De la misma forma, el Gobierno de Régimen Especial de Galápagos ordenó que los buses que prestan el transporte público desde el aeropuerto hasta el centro urbano sean amigables con el medio ambiente. El actual ministro de Vivienda, Walter Solís, aseguró por su parte que las casas de Galápagos deberán tener paneles solares, tratamiento de aguas lluvia y sistema bioclimático con aislamiento térmico. Por su parte, Fabián Zapata, presidente del Consejo de Gobierno, añadió que “todo proyecto de infraestructura impulsado debe llevar un sello verde y ser diseñado bajo estrictos criterios ambientales acordes con el entorno de las islas”.
La isla durante cinco siglos solo fue visitada por piratas, forajidos y turistas melancólicos, quienes provocaron la casi total extinción de la especie nativa de tortugas Galápagos.

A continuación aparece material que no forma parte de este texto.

(* Let $n\ge 1$. If there exist a commutative ring $R$, an injective group homomorphism $\iota:\mu_n\to R^\times$, and an $\mathbb{S}[\mu_{n,+}]$-generator $X\in R$, then $n+1$ is a prime power.
   Context: $\mu_n$ is the group of $n$-th roots of unity. With $\iota(0):=0$, $X\in R$ is an $\mathbb{S}[\mu_{n,+}]$-generator of $R$ if every $z\in R$ can be written uniquely as a finite sum $\sum_j\iota(\alpha_j)X^j$ with $\alpha_j\in\mu_n\cup\{0\}$. *)

From HB Require Import structures.
From mathcomp Require Import all_boot all_order all_algebra all_field.
Set Implicit Arguments. Unset Strict Implicit. Unset Printing Implicit Defensive.
Import Order.TTheory GRing.Theory Num.Theory.
Local Open Scope ring_scope.

Definition mu (n : nat) : pred algC := [pred z : algC | z ^+ n == 1].

(* iota is an injective group homomorphism mu_n -> R^x
   (given as a map algC -> R, only its values on mu_n matter). *)
Definition inj_unit_hom (R : comNzRingType) (n : nat) (iota : algC -> R) : Prop :=
  [/\ forall a, a \in mu n -> exists b : R, iota a * b = 1,
      forall a b, a \in mu n -> b \in mu n -> iota (a * b) = iota a * iota b
    & forall a b, a \in mu n -> b \in mu n -> iota a = iota b -> a = b].

Definition iota0 (R : comNzRingType) (iota : algC -> R) (a : algC) : R :=
  if a == 0 then 0 else iota a.

Definition represents (R : comNzRingType) (n : nat) (iota : algC -> R)
    (X : R) (c : nat -> algC) (z : R) : Prop :=
  (forall j, c j = 0 \/ c j \in mu n) /\
  exists N : nat, (forall j, (N <= j)%N -> c j = 0) /\
    z = \sum_(j < N) iota0 iota (c j) * X ^+ j.

Definition S_mu_generator (R : comNzRingType) (n : nat) (iota : algC -> R) (X : R) : Prop :=
  forall z : R,
    (exists c, represents n iota X c z) /\
    (forall c c', represents n iota X c z -> represents n iota X c' z ->
       forall j, c j = c' j).

From HB Require Import structures.
From mathcomp Require Import all_boot all_order all_algebra all_field.
From mathcomp Require Import boolp.

Set Implicit Arguments. Unset Strict Implicit. Unset Printing Implicit Defensive.
Import Order.TTheory GRing.Theory Num.Theory.
Local Open Scope ring_scope.
Local Open Scope quotient_scope.

(* Reading off the constant digit of an expansion shows that every element of
   R is congruent modulo X to exactly one of the n + 1 elements iota(0) = 0 and
   iota(zeta), zeta in mu_n.  The latter are units of R, so R/XR is a field with
   n + 1 elements, and the order of a finite field is a prime power. *)

Lemma finField_card_prime_power (F : finFieldType) :
  exists p k, [/\ prime p, (0 < k)%N & #|F| = (p ^ k)%N].
Proof.
have [p p_prime pcharF] := finPcharP F.
have F_gt1 : (1 < #|F|)%N.
  by apply/card_gt1P; exists 0, 1; rewrite !inE eq_sym oner_neq0.
have cardF : #|F| = (p ^ logn p #|F|)%N := card_pprimeChar pcharF.
exists p, (logn p #|F|); split => //.
by move: F_gt1; rewrite {1}cardF; case: (logn _ _).
Qed.

Lemma sum_expr_recl (R : comNzRingType) (X : R) (f : nat -> R) N :
  \sum_(j < N.+1) f j * X ^+ j = f 0%N + X * \sum_(j < N) f j.+1 * X ^+ j.
Proof.
rewrite big_ord_recl expr0 mulr1 mulr_sumr; congr (_ + _).
by apply: eq_bigr => j _; rewrite exprS mulrCA.
Qed.

Section PrincipalIdeal.
Variables (R : comNzRingType) (X : R).

(* Membership in XR is decided classically: the ideal quotients of
   ring_quotient need a boolean ideal predicate. *)
Definition multiples : pred R := fun z => `[< exists w, z = X * w >].

Lemma multiplesP z : reflect (exists w, z = X * w) (z \in multiples).
Proof. exact: asboolP. Qed.

Lemma multiples0 : 0 \in multiples.
Proof. by apply/multiplesP; exists 0; rewrite mulr0. Qed.

Lemma multiples_idealr_closed :
  (forall w, X * w != 1) -> idealr_closed multiples.
Proof.
move=> X_nonunit; split; first exact: multiples0.
  by apply/multiplesP => -[w /eqP]; rewrite eq_sym (negbTE (X_nonunit w)).
move=> a u v /multiplesP[x ->] /multiplesP[y ->].
by apply/multiplesP; exists (a * x + y); rewrite mulrDr mulrCA.
Qed.

End PrincipalIdeal.

Section ResidueField.
Variables (R : comNzRingType) (X : R) (D : finType) (rep : D -> R).
Hypotheses (X_nonunit : forall w, X * w != 1)
  (rep_complete : forall z, exists d, z - rep d \in multiples X)
  (rep_unique : forall d e, rep d - rep e \in multiples X -> d = e)
  (rep_invertible : forall d, rep d \notin multiples X ->
     exists u, u * rep d - 1 \in multiples X).

HB.instance Definition _ :=
  isIdealr.Build R (multiples X) (multiples_idealr_closed X_nonunit).

Definition multiples_ideal : idealr R := Idealr.clone _ (multiples X) _.

Local Notation Q := {ideal_quot multiples_ideal}.

Lemma eq_residue u v : (\pi_Q u == \pi_Q v) = (u - v \in multiples X).
Proof. by rewrite Quotient.idealrBE. Qed.

Definition residue d : Q := \pi_Q (rep d).

Lemma residue_surj (x : Q) : exists d, residue d == x.
Proof.
have [d hd] := rep_complete (repr x).
by exists d; rewrite -[x]reprK eq_sym eq_residue.
Qed.

Definition digit (x : Q) : D := xchoose (residue_surj x).

Lemma digitK : cancel digit residue.
Proof. by move=> x; apply/eqP/(xchooseP (residue_surj x)). Qed.

Lemma residue_inj : injective residue.
Proof. by move=> d e /eqP; rewrite eq_residue; apply: rep_unique. Qed.

HB.instance Definition _ := CanIsCountable digitK.
HB.instance Definition _ : isFinite Q := CanIsFinite digitK.

Lemma card_residue : #|{: Q}| = #|D|.
Proof.
apply/esym/bij_eq_card; exists digit; last exact: digitK.
by move=> d; apply: residue_inj; rewrite digitK.
Qed.

Definition residue_inv (x : Q) : Q := odflt 0 [pick y | y * x == 1].

Lemma residue_mulVf (x : Q) : x != 0 -> residue_inv x * x = 1.
Proof.
rewrite -(digitK x) /residue -(rmorph0 \pi_Q) eq_residue subr0.
move=> /rep_invertible[u]; rewrite -eq_residue rmorphM rmorph1 => /eqP inv_u.
rewrite /residue_inv; case: pickP => [y /eqP //|/(_ (\pi_Q u))].
by rewrite inv_u eqxx.
Qed.

Lemma residue_inv0 : residue_inv 0 = 0.
Proof.
by rewrite /residue_inv; case: pickP => // y; rewrite mulr0 eq_sym oner_eq0.
Qed.

HB.instance Definition _ :=
  GRing.ComNzRing_isField.Build Q residue_mulVf residue_inv0.

Lemma card_residue_system_prime_power :
  exists p k, [/\ prime p, (0 < k)%N & #|D| = (p ^ k)%N].
Proof. by rewrite -card_residue; apply: finField_card_prime_power. Qed.

End ResidueField.

Lemma mu_neq0 n a : (0 < n)%N -> a \in mu n -> a != 0.
Proof.
move=> n_gt0; rewrite inE; apply: contraL => /eqP ->.
by rewrite expr0n eqn0Ngt n_gt0 eq_sym oner_eq0.
Qed.

Section RootOfUnityDigits.
Variables (n : nat) (w : algC).
Hypothesis prim_w : n.-primitive_root w.

Definition mu_digit (d : option 'I_n) : algC := if d is Some i then w ^+ i else 0.

Lemma expr_prim_mu i : w ^+ i \in mu n.
Proof. by rewrite inE -exprM mulnC exprM (prim_expr_order prim_w) expr1n. Qed.

Lemma mu_digit_valid d : mu_digit d = 0 \/ mu_digit d \in mu n.
Proof. by case: d => [i|]; [right; apply: expr_prim_mu | left]. Qed.

Lemma mu_digit_inj : injective mu_digit.
Proof.
have wi_neq0 i : w ^+ i != 0 := mu_neq0 (prim_order_gt0 prim_w) (expr_prim_mu i).
case=> [i|] [j|] //= => [/eqP|/eqP|/esym/eqP]; rewrite ?(negbTE (wi_neq0 _)) //.
by rewrite (eq_prim_root_expr prim_w) !modn_small // => /eqP/val_inj ->.
Qed.

Lemma mu_digit_surj a : a = 0 \/ a \in mu n -> exists d, mu_digit d = a.
Proof.
case=> [->|]; first by exists None.
by rewrite inE => /eqP /(prim_rootP prim_w)[i ->]; exists (Some i).
Qed.

End RootOfUnityDigits.

Section GeneratorDigits.
Variables (n : nat) (R : comNzRingType) (iota : algC -> R) (X : R).
Hypothesis hX : S_mu_generator n iota X.

Lemma generator_residue_digit z :
  exists a, (a = 0 \/ a \in mu n) /\ z - iota0 iota a \in multiples X.
Proof.
have [[c [hc [N [hN ->]]]] _] := hX z.
exists (c 0%N); split => //; apply/multiplesP.
case: N hN => [|N] hN.
  by exists 0; rewrite big_ord0 hN // /iota0 eqxx subr0 mulr0.
by exists (\sum_(j < N) iota0 iota (c j.+1) * X ^+ j); rewrite (sum_expr_recl X (fun j => iota0 iota (c j))) addrC addKr.
Qed.

Lemma generator_digit_unique a b : a = 0 \/ a \in mu n -> b = 0 \/ b \in mu n ->
  iota0 iota a - iota0 iota b \in multiples X -> a = b.
Proof.
move=> Da Db /multiplesP[v hv].
have [[d [hd [M [hM def_v]]]] _] := hX v.
pose c j := if j is 0%N then a else 0.
pose c' j := if j is j'.+1 then d j' else b.
have rep_c : represents n iota X c (iota0 iota a).
  split; first by case=> [|j] //; left.
  by exists 1%N; split; [case | rewrite big_ord1 expr0 mulr1].
have rep_c' : represents n iota X c' (iota0 iota a).
  split; first by case.
  exists M.+1; split; first by case=> // j /hM.
  by rewrite (sum_expr_recl X (fun j => iota0 iota (c' j))) -def_v -hv addrC subrK.
exact: (hX _).2 c c' rep_c rep_c' 0%N.
Qed.

End GeneratorDigits.

Section DigitResidues.
Variables (n : nat) (R : comNzRingType) (iota : algC -> R) (X : R) (w : algC).
Hypotheses (hiota : inj_unit_hom n iota) (hX : S_mu_generator n iota X)
  (prim_w : n.-primitive_root w).

Local Notation digit_rep d := (iota0 iota (@mu_digit n w d)).

Lemma iota1 : iota 1 = 1.
Proof.
have [iota_unit iotaM _] := hiota.
have mu1 : (1 : algC) \in mu n by rewrite inE expr1n.
have [b iota1b] := iota_unit 1 mu1.
have iota1_idem : iota 1 = iota 1 * iota 1 by rewrite -iotaM // mulr1.
by rewrite -iota1b {2}iota1_idem -mulrA iota1b mulr1.
Qed.

Lemma generator_nonunit v : X * v != 1.
Proof.
apply/eqP => Xv1; suff /eqP : (1 : algC) = 0 by rewrite oner_eq0.
apply: (generator_digit_unique hX); [by right; rewrite inE expr1n | by left |].
by apply/multiplesP; exists v; rewrite /iota0 oner_eq0 eqxx iota1 subr0.
Qed.

Lemma digit_rep_complete z : exists d, z - digit_rep d \in multiples X.
Proof.
have [a [Da za]] := generator_residue_digit hX z.
by have [d def_a] := mu_digit_surj prim_w Da; exists d; rewrite def_a.
Qed.

Lemma digit_rep_unique d e : digit_rep d - digit_rep e \in multiples X -> d = e.
Proof.
move=> de; apply: (mu_digit_inj prim_w).
by apply: (generator_digit_unique hX) de; apply: mu_digit_valid.
Qed.

Lemma digit_rep_invertible d : digit_rep d \notin multiples X ->
  exists u, u * digit_rep d - 1 \in multiples X.
Proof.
case: d => [i _|] /=; last by rewrite /iota0 eqxx multiples0.
have [_ iotaM _] := hiota.
have a_mu := expr_prim_mu prim_w i.
have a_neq0 := mu_neq0 (prim_order_gt0 prim_w) a_mu.
have aV_mu : (w ^+ i)^-1 \in mu n by rewrite inE exprVn (eqP a_mu) invr1.
exists (iota (w ^+ i)^-1).
by rewrite /iota0 (negbTE a_neq0) -iotaM // mulVf // iota1 subrr multiples0.
Qed.

End DigitResidues.

Theorem corollary5p8 (n : nat) (hn : (1 <= n)%N)
  (R : comNzRingType) (iota : algC -> R) (X : R)
  (hiota : inj_unit_hom n iota) (hX : S_mu_generator n iota X) :
  exists p k : nat, [/\ prime p, (0 < k)%N & n.+1 = (p ^ k)%N].
Proof.
have [w prim_w] := C_prim_root_exists hn.
have [p [k [p_prime k_gt0 card_digits]]] := card_residue_system_prime_power
  (generator_nonunit hiota hX) (digit_rep_complete hX prim_w)
  (digit_rep_unique hX prim_w) (digit_rep_invertible hiota prim_w).
by exists p, k; rewrite -card_digits card_option card_ord.
Qed.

Pese a ello, es posible encontrarlas en el recorrido, además de iguanas marinas y terrestres. Por ahora, todas las construcciones controlan los niveles de polvo y se ha reemplazado parte de la maquinaria pesada por mano de obra. Al mismo tiempo, los implementos para mezclar cemento y hormigón ya no están usando químicos, y se ha consolidado un estricto control al suministro y entrada de alimentos a esta zona, así como a la proliferación de insumos biodegradables. A la par, la producción de agua para el consumo humano se está aumentando a través de procesos de desalinización.
Para el biólogo Eliécer Cruz, quien dirigió el área protegida y fue el héroe que logró convertirla en Patrimonio de la Humanidad, el turismo sustentable sí es posible. Galápagos, en sus 137.000 kilómetros cuadrados de extensión, lo está demostrando con más de una acción concreta. Leones marinos, iguanas, tortugas o aves insólitas como el piquero de patas azules se benefician de esta rígida normativa y de la construcción sostenible.
“Entre el 45% y el 55% del dinero que llega a la isla vuelve a la conservación tanto del parque terrestre como del marino”, explica Cruz. Si algún día va, quizás lo notará: todas las botellas que alguna vez los turistas arrojaron son ahora parte de los adoquines que pisan los nuevos turistas de la isla de Santa Cruz. O mejor, no lo notará. Se fijará solo en la naturaleza, porque esa es la idea.